§ Work request: For every line in the data below, check for the word "basis", then state how many lines have it. Answer with the number only.

§ Data shown:
(* Let $A=k_{p_{ij}}[x_1,\dots,x_n]$ and let $G$ be a finite subgroup of $\mathrm{Aut}(A)$ generated by quasi-reflections such that $[n]$ is a circle for $G$. Then after replacing each $x_i$ by a suitable nonzero scalar multiple $c_ix_i$ (which leaves the relations $x_jx_i=p_{ij}x_ix_j$ unchanged), one has $\tau_{i,j,1}\in G$ for all $i\ne j$ in $[n]$. Consequently $p_{ij}=-1$ for all $i<j$.
   Context: $k$ is algebraically closed of characteristic zero, $n\ge2$, $[n]=\{1,\dots,n\}$. $A=k_{p_{ij}}[x_1,\dots,x_n]$ is generated by $x_1,\dots,x_n$ with $x_jx_i=p_{ij}x_ix_j$ ($i<j$), nonzero $p_{ij}$, $\deg x_i=1$; $p_{ii}=1$, $p_{ij}=p_{ji}^{-1}$ for $i>j$. $\mathrm{Aut}(A)$: graded algebra automorphisms; $g$ is a quasi-reflection if $\sum_i\mathrm{tr}(g|_{A_i})t^i=\frac1{(1-t)^{n-1}(1-\lambda t)}$ with $\lambda\ne1$. For $s,t$ with $p_{st}=-1$ and $p_{sj}=p_{tj}$ ($j\ne s,t$) and $\lambda\in k^\times$, $\tau_{s,t,\lambda}$ is the automorphism with $x_s\mapsto\lambda x_t$, $x_t\mapsto-\lambda^{-1}x_s$, $x_i\mapsto x_i$ otherwise. $[n]$ is a circle for $G$ if for each pair of distinct $i,j\in[n]$ there are $\tau_{i_s,j_s,\lambda_s}\in G$, $s=0,\dots,t$, with $i_0=i$, $i_{s+1}=j_s$, $j_t=j$. *)

From HB Require Import structures.
From mathcomp Require Import all_boot all_order all_algebra.
Set Implicit Arguments. Unset Strict Implicit. Unset Printing Implicit Defensive.
Import Order.TTheory GRing.Theory Num.Theory.
Local Open Scope ring_scope.

(* Concrete model of A = k_{p_ij}[x_1..x_n] (indices 'I_n = {0..n-1}).
   A has the PBW basis of ordered monomials x^a, a : 'I_n -> nat.
   A word x_{w_1} ... x_{w_d} equals coefw p w * x^{count w}, where
   coefw collects p_{w_t w_s} for every inversion s < t, w_s > w_t
   (from x_j x_i = p_ij x_i x_j, i < j). *)

Definition coefw {k : fieldType} {n : nat} (p : 'I_n -> 'I_n -> k) (d : nat)
  (w : d.-tuple 'I_n) : k :=
  \prod_(s < d) \prod_(t < d | (s < t)%N && (tnth w t < tnth w s)%N)
     p (tnth w t) (tnth w s).

(* Coefficient of the basis monomial x^a in the product L_1 L_2 ... L_d of
   degree-one elements L_t = sum_j L_t(j) x_j of A. *)
Definition prodA {k : fieldType} {n : nat} (p : 'I_n -> 'I_n -> k)
  (L : seq ('I_n -> k)) (a : 'I_n -> nat) : k :=
  \sum_(w : (size L).-tuple 'I_n | [forall i, count_mem i w == a i])
     (\prod_(t < size L) (nth (fun _ => 0) L t) (tnth w t)) * coefw p w.

(* A graded automorphism g is determined by its degree-one part, the matrix
   g with g(x_i) = sum_j g j i x_j (column i = image of x_i). *)
Definition gcol {k : fieldType} {n : nat} (g : 'M[k]_n) (i : 'I_n) : 'I_n -> k :=
  fun j => g j i.

(* g (invertible on A_1) induces a graded algebra automorphism of A iff it
   preserves the defining relations: g(x_j) g(x_i) = p_ij g(x_i) g(x_j). *)
Definition is_gr_aut {k : fieldType} {n : nat} (p : 'I_n -> 'I_n -> k)
  (g : 'M[k]_n) : Prop :=
  g \in unitmx /\
  forall i j : 'I_n, (i < j)%N -> forall a : 'I_n -> nat,
    prodA p [:: gcol g j; gcol g i] a = p i j * prodA p [:: gcol g i; gcol g j] a.

(* tr(g | A_d): sum over ordered monomials x_{u_1}...x_{u_d} (u sorted) of the
   coefficient of that monomial in g(x_{u_1}) ... g(x_{u_d}). *)
Definition trA {k : fieldType} {n : nat} (p : 'I_n -> 'I_n -> k)
  (g : 'M[k]_n) (d : nat) : k :=
  \sum_(u : d.-tuple 'I_n | sorted (fun x y : 'I_n => (x <= y)%N) u)
     prodA p (map (gcol g) u) (fun i => count_mem i u).

(* quasi-reflection: Hilbert trace series = 1/((1-t)^(n-1)(1-lambda t)),
   written coefficientwise: coefficient of t^d is
   sum_{m=0}^d lambda^m * C(d-m+n-2, n-2). *)
Definition quasi_reflection {k : fieldType} {n : nat} (p : 'I_n -> 'I_n -> k)
  (g : 'M[k]_n) : Prop :=
  exists lam : k, lam != 1 /\
    forall d : nat, trA p g d =
      \sum_(m < d.+1) lam ^+ m * ('C(d - m + n - 2, n - 2))%:R.

(* matrix of tau_{s,t,lam}: x_s |-> lam x_t, x_t |-> - lam^-1 x_s, x_i |-> x_i. *)
Definition taumx {k : fieldType} {n : nat} (s t : 'I_n) (lam : k) : 'M[k]_n :=
  \matrix_(j, i) (if i == s then (if j == t then lam else 0)
                  else if i == t then (if j == s then - lam^-1 else 0)
                  else (j == i)%:R).

(* tau_{s,t,lam} is defined (and belongs to G) *)
Definition tau_in {k : fieldType} {n : nat} (p : 'I_n -> 'I_n -> k)
  (G : seq 'M[k]_n) (s t : 'I_n) (lam : k) : Prop :=
  [/\ s != t, lam != 0, p s t = -1,
      (forall j : 'I_n, j != s -> j != t -> p s j = p t j)
    & taumx s t lam \in G].

Inductive tau_chain {k : fieldType} {n : nat} (p : 'I_n -> 'I_n -> k)
  (G : seq 'M[k]_n) : 'I_n -> 'I_n -> Prop :=
| tc_one s t lam : tau_in p G s t lam -> tau_chain p G s t
| tc_cons s t lam j : tau_in p G s t lam -> tau_chain p G t j -> tau_chain p G s j.

Definition is_circle {k : fieldType} {n : nat} (p : 'I_n -> 'I_n -> k)
  (G : seq 'M[k]_n) : Prop :=
  forall i j : 'I_n, i != j -> tau_chain p G i j.

Definition finite_aut_subgroup {k : fieldType} {n : nat} (p : 'I_n -> 'I_n -> k)
  (G : seq 'M[k]_n) : Prop :=
  [/\ forall g, g \in G -> is_gr_aut p g,
      1%:M \in G,
      forall g h, g \in G -> h \in G -> g *m h \in G
    & forall g, g \in G -> invmx g \in G].

Definition gen_by_qr {k : fieldType} {n : nat} (p : 'I_n -> 'I_n -> k)
  (G : seq 'M[k]_n) : Prop :=
  forall g, g \in G -> exists hs : seq 'M[k]_n,
    (forall h, h \in hs -> h \in G /\ quasi_reflection p h) /\
    g = foldr (fun a b => a *m b) 1%:M hs.

(** Conjugating by the rescaling [x_i |-> c_i x_i] turns [tau_{s,t,1}] into
    [tau_{s,t,c_t/c_s}], so it suffices to find [c] with [tau_{i,j,c_j/c_i}]
    in [G] for all [i != j].  The identities [tau_{s,t,l}^3 = tau_{s,t,-l}],
    [tau_{s,t,l} = tau_{t,s,-1/l}] and
    [tau_{a,b,l} tau_{b,c,m} tau_{a,b,-l} = tau_{a,c,-lm}] show that the
    scalars [l] with [tau_{i,j,l}] in [G] are closed under negation,
    inversion and composition.  A chain from a fixed index [o] to [x] thus
    gives [tau_{o,x,c_x}] in [G], and composing through [o] yields
    [tau_{i,j,c_j/c_i}].  Along a chain [p_ij = -1] propagates because
    [p_{sj} = p_{tj}] whenever [tau_{s,t,l}] is defined. *)

From HB Require Import structures.
From mathcomp Require Import all_boot all_order all_algebra.
From mathcomp Require Import ring.
Set Implicit Arguments.
Unset Strict Implicit.
Unset Printing Implicit Defensive.
Import GRing.Theory.
Local Open Scope ring_scope.

Section TauMatrices.

Variables (k : fieldType) (n : nat).
Implicit Types (s t : 'I_n) (l m : k).

(* [taumx s t l] is the monomial matrix of the permutation [tau_perm s t]
   with column weights [tau_weight s t l]. *)
Definition tau_perm s t (q : 'I_n) : 'I_n :=
  if q == s then t else if q == t then s else q.

Definition tau_weight s t l (q : 'I_n) : k :=
  if q == s then l else if q == t then - l^-1 else 1.

Lemma taumxE s t l j i : s != t ->
  taumx s t l j i = if j == tau_perm s t i then tau_weight s t l i else 0.
Proof.
move=> st; rewrite /taumx mxE /tau_perm /tau_weight.
have [//|_] := eqVneq i s; have [//|_] := eqVneq i t.
by case: eqVneq.
Qed.

Lemma mulmx_taumxE (A : 'M[k]_n) s t l r q : s != t ->
  (A *m taumx s t l) r q = A r (tau_perm s t q) * tau_weight s t l q.
Proof.
move=> st; rewrite mxE (bigD1 (tau_perm s t q)) //= taumxE // eqxx big1 ?addr0 //.
by move=> j /negbTE hj; rewrite taumxE // hj mulr0.
Qed.

(* Entrywise identities between such matrices reduce, after splitting on
   all equalities between the index variables, to field identities. *)
Local Ltac split_indices :=
  repeat (rewrite ?eqxx /=; match goal with
  | H : is_true (?x != ?x) |- _ => by rewrite eqxx in H
  | |- context [@eq_op _ ?x ?y] =>
      is_var x; is_var y;
      let E := fresh "E" in
      have [E|E] := eqVneq x y; [subst x|]
  end); rewrite ?eqxx /=.

Local Ltac close_field :=
  try (field; rewrite ?oppr_eq0 ?invr_eq0 ?oner_eq0 ?andbT ?andTb /=;
       repeat (apply/andP; split); rewrite ?oppr_eq0 ?invr_eq0 ?oner_eq0 //;
       try (apply: mulf_neq0; assumption)); try ring.

Lemma taumx_cube s t l : s != t -> l != 0 ->
  taumx s t l *m taumx s t l *m taumx s t l = taumx s t (- l).
Proof.
move=> st l0; apply/matrixP => r q.
rewrite !mulmx_taumxE // !taumxE // /tau_perm /tau_weight.
by split_indices; close_field.
Qed.

Lemma taumx_sym s t l : s != t -> l != 0 -> taumx s t l = taumx t s (- l^-1).
Proof.
move=> st l0; apply/matrixP => r q.
have ts : t != s by rewrite eq_sym.
rewrite !taumxE // /tau_perm /tau_weight.
by split_indices; close_field.
Qed.

Lemma taumx_conj (a b c : 'I_n) l m : a != b -> b != c -> a != c ->
    l != 0 -> m != 0 ->
  taumx a b l *m taumx b c m *m taumx a b (- l) = taumx a c (- (l * m)).
Proof.
move=> ab bc ac l0 m0; apply/matrixP => r q.
rewrite !mulmx_taumxE // !taumxE // /tau_perm /tau_weight.
by split_indices; close_field.
Qed.

Lemma diag_mx_taumx (d : 'I_n -> k) s t : s != t -> (forall x, d x != 0) ->
  diag_mx (\row_x d x) *m taumx s t 1 = taumx s t (d t / d s) *m diag_mx (\row_x d x).
Proof.
move=> st d0; apply/matrixP => r q.
rewrite mul_diag_mx mul_mx_diag !mxE.
have ds := d0 s; have dt := d0 t.
by split_indices; close_field.
Qed.

End TauMatrices.

Section TauChains.

Variables (k : fieldType) (n : nat) (p : 'I_n -> 'I_n -> k) (G : seq 'M[k]_n).
Hypothesis mulG : forall g h, g \in G -> h \in G -> g *m h \in G.

Definition tau_mem (s t : 'I_n) (l : k) := (l != 0) && (taumx s t l \in G).

Lemma tau_memN s t l : s != t -> tau_mem s t l -> tau_mem s t (- l).
Proof.
move=> st /andP[l0 Gl].
by rewrite /tau_mem oppr_eq0 l0 -taumx_cube // !mulG.
Qed.

Lemma tau_memV s t l : s != t -> tau_mem s t l -> tau_mem t s l^-1.
Proof.
move=> st /andP[l0 Gl].
rewrite -[l^-1]opprK; apply: tau_memN; first by rewrite eq_sym.
by rewrite /tau_mem oppr_eq0 invr_eq0 l0 -taumx_sym.
Qed.

Lemma tau_memM a b c l m : a != b -> b != c -> a != c ->
  tau_mem a b l -> tau_mem b c m -> tau_mem a c (l * m).
Proof.
move=> ab bc ac /[dup] /andP[l0 Gl] /(tau_memN ab) /andP[_ Gl'] /andP[m0 Gm].
rewrite -[l * m]opprK; apply: tau_memN => //.
by rewrite /tau_mem oppr_eq0 mulf_neq0 // -(taumx_conj ab bc ac l0 m0) !mulG.
Qed.

Lemma tau_chain_mem s t : tau_chain p G s t -> s != t -> exists l, tau_mem s t l.
Proof.
elim=> {s t} [s t l [_ l0 _ _ Gl] _ | s u l t [su l0 _ _ Gl] _ IH st].
  by exists l; rewrite /tau_mem l0.
have Ml : tau_mem s u l by rewrite /tau_mem l0.
have [<-|ut] := eqVneq u t; first by exists l.
by have [m Mm] := IH ut; exists (l * m); apply: tau_memM Mm.
Qed.

Lemma tau_chain_pm1 s t : tau_chain p G s t -> s != t -> p s t = -1.
Proof.
elim=> {s t} [s t l [] // | s u l t [su _ psu pu _] _ IH st].
have [<-//|ut] := eqVneq u t.
by rewrite pu ?IH // eq_sym.
Qed.

Lemma tau_mem_rescale (o : 'I_n) :
    (forall x, x != o -> exists l, tau_mem o x l) ->
  exists c : 'I_n -> k,
    (forall x, c x != 0) /\ forall i j, i != j -> tau_mem i j (c j / c i).
Proof.
move=> from_o.
have [c cP] : exists c : 'I_n -> k,
    forall x, if x == o then c x = 1 else tau_mem o x (c x).
  apply: (@fin_all_exists _ (fun=> k) (fun x l => if x == o then l = 1 else tau_mem o x l)).
  by move=> x; case: eqVneq => [_|/from_o//]; exists 1.
have co : c o = 1 by have := cP o; rewrite eqxx.
have Mo x : x != o -> tau_mem o x (c x) by move=> xo; have := cP x; rewrite (negbTE xo).
have c0 x : c x != 0.
  by have [->|/Mo /andP[]//] := eqVneq x o; rewrite co oner_eq0.
exists c; split => // i j ij.
have [eio|io] := eqVneq i o; first by rewrite eio co divr1 Mo // -eio eq_sym.
have oi : o != i by rewrite eq_sym.
have Mio : tau_mem i o (c i)^-1 by apply: tau_memV (Mo _ io).
have [->|jo] := eqVneq j o; first by rewrite co div1r.
by rewrite mulrC; apply: tau_memM Mio (Mo _ jo); rewrite // eq_sym.
Qed.

End TauChains.

Theorem lemma4p1 (k : closedFieldType) (hchar : [pchar k] =i pred0)
  (n : nat) (hn : (2 <= n)%N) (p : 'I_n -> 'I_n -> k)
  (hpii : forall i, p i i = 1)
  (hpinv : forall i j : 'I_n, (j < i)%N -> p i j = (p j i)^-1)
  (hp0 : forall i j, p i j != 0)
  (G : seq 'M[k]_n)
  (hG : finite_aut_subgroup p G)
  (hgen : gen_by_qr p G)
  (hcirc : is_circle p G) :
  exists c : 'I_n -> k, (forall i, c i != 0) /\
    (forall i j : 'I_n, i != j ->
       diag_mx (\row_l c l) *m taumx i j 1 *m invmx (diag_mx (\row_l c l)) \in G) /\
    (forall i j : 'I_n, (i < j)%N -> p i j = -1).
Proof.
case: hG => _ _ mulG _.
have o : 'I_n by exists 0%N; apply: leq_trans hn.
have from_o x : x != o -> exists l, tau_mem G o x l.
  rewrite eq_sym => ox; exact: (tau_chain_mem mulG (hcirc _ _ ox) ox).
have [c [c0 Mc]] := tau_mem_rescale mulG from_o.
exists c; split=> //; split=> [i j ij | i j ij].
  have unit_c : diag_mx (\row_l c l) \in unitmx.
    by rewrite unitmxE det_diag unitfE; apply/prodf_neq0 => x _; rewrite mxE.
  by rewrite diag_mx_taumx // mulmxK //; have /andP[] := Mc i j ij.
have ij' : i != j by rewrite neq_ltn ij.
exact: tau_chain_pm1 (hcirc _ _ ij') ij'.
Qed.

§ Expected answer: 2